• Data extracts:
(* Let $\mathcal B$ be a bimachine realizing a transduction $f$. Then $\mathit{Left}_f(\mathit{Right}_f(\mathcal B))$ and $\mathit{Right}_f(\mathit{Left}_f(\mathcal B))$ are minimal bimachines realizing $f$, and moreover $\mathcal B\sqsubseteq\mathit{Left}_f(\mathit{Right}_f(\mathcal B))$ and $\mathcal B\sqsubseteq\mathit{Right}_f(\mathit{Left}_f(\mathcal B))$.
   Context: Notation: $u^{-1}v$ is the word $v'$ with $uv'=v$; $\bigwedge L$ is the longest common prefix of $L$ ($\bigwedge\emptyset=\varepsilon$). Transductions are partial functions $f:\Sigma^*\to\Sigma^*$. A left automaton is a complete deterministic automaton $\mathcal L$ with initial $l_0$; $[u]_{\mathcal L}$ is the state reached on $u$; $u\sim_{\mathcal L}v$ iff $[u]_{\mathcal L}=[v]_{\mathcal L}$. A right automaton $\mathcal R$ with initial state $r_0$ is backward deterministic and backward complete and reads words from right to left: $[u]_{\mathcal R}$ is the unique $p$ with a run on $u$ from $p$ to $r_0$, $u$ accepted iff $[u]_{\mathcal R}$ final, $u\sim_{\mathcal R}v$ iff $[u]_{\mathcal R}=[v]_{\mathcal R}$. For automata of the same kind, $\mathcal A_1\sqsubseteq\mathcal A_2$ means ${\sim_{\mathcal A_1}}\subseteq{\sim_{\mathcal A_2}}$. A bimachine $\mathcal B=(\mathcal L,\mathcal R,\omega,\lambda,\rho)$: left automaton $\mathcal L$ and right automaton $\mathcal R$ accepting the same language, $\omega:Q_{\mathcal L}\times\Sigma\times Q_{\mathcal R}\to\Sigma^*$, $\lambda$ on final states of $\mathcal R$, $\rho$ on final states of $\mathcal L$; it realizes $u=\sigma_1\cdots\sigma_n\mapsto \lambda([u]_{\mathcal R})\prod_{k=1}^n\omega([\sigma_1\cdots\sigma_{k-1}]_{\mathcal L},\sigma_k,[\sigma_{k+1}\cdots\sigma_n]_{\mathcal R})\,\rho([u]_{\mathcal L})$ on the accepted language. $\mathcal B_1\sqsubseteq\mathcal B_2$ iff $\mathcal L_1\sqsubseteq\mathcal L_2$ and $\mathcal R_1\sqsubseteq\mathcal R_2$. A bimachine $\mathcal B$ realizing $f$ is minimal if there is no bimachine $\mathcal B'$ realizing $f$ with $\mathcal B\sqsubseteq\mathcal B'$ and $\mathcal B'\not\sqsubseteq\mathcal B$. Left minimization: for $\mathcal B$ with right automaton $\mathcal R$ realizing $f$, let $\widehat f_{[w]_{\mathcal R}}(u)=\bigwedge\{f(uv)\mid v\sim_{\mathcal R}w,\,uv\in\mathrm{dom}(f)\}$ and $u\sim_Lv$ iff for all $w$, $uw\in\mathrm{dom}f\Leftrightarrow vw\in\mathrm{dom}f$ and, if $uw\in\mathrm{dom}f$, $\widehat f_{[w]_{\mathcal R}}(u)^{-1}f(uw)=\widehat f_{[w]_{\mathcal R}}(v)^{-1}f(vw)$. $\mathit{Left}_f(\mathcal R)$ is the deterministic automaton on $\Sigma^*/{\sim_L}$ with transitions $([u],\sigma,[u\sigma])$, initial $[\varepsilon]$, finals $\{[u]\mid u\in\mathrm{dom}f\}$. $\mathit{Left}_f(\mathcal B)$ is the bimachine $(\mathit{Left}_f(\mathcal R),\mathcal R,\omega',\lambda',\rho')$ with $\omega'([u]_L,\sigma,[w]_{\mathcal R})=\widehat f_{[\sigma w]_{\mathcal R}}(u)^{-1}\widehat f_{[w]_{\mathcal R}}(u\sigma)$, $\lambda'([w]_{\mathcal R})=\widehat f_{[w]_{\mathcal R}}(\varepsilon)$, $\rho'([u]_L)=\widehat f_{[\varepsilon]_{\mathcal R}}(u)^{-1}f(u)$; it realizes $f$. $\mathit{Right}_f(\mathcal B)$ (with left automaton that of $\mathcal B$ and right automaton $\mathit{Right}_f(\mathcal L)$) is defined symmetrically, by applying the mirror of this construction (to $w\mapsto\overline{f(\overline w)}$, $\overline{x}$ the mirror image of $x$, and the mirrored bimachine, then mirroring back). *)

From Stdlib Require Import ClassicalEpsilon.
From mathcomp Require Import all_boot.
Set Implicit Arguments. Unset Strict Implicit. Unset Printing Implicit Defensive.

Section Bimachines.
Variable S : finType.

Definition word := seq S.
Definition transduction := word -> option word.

• Work instruction: How many lines in the listing above contain "Import"? Answer with the number alone.

• Answer box: 2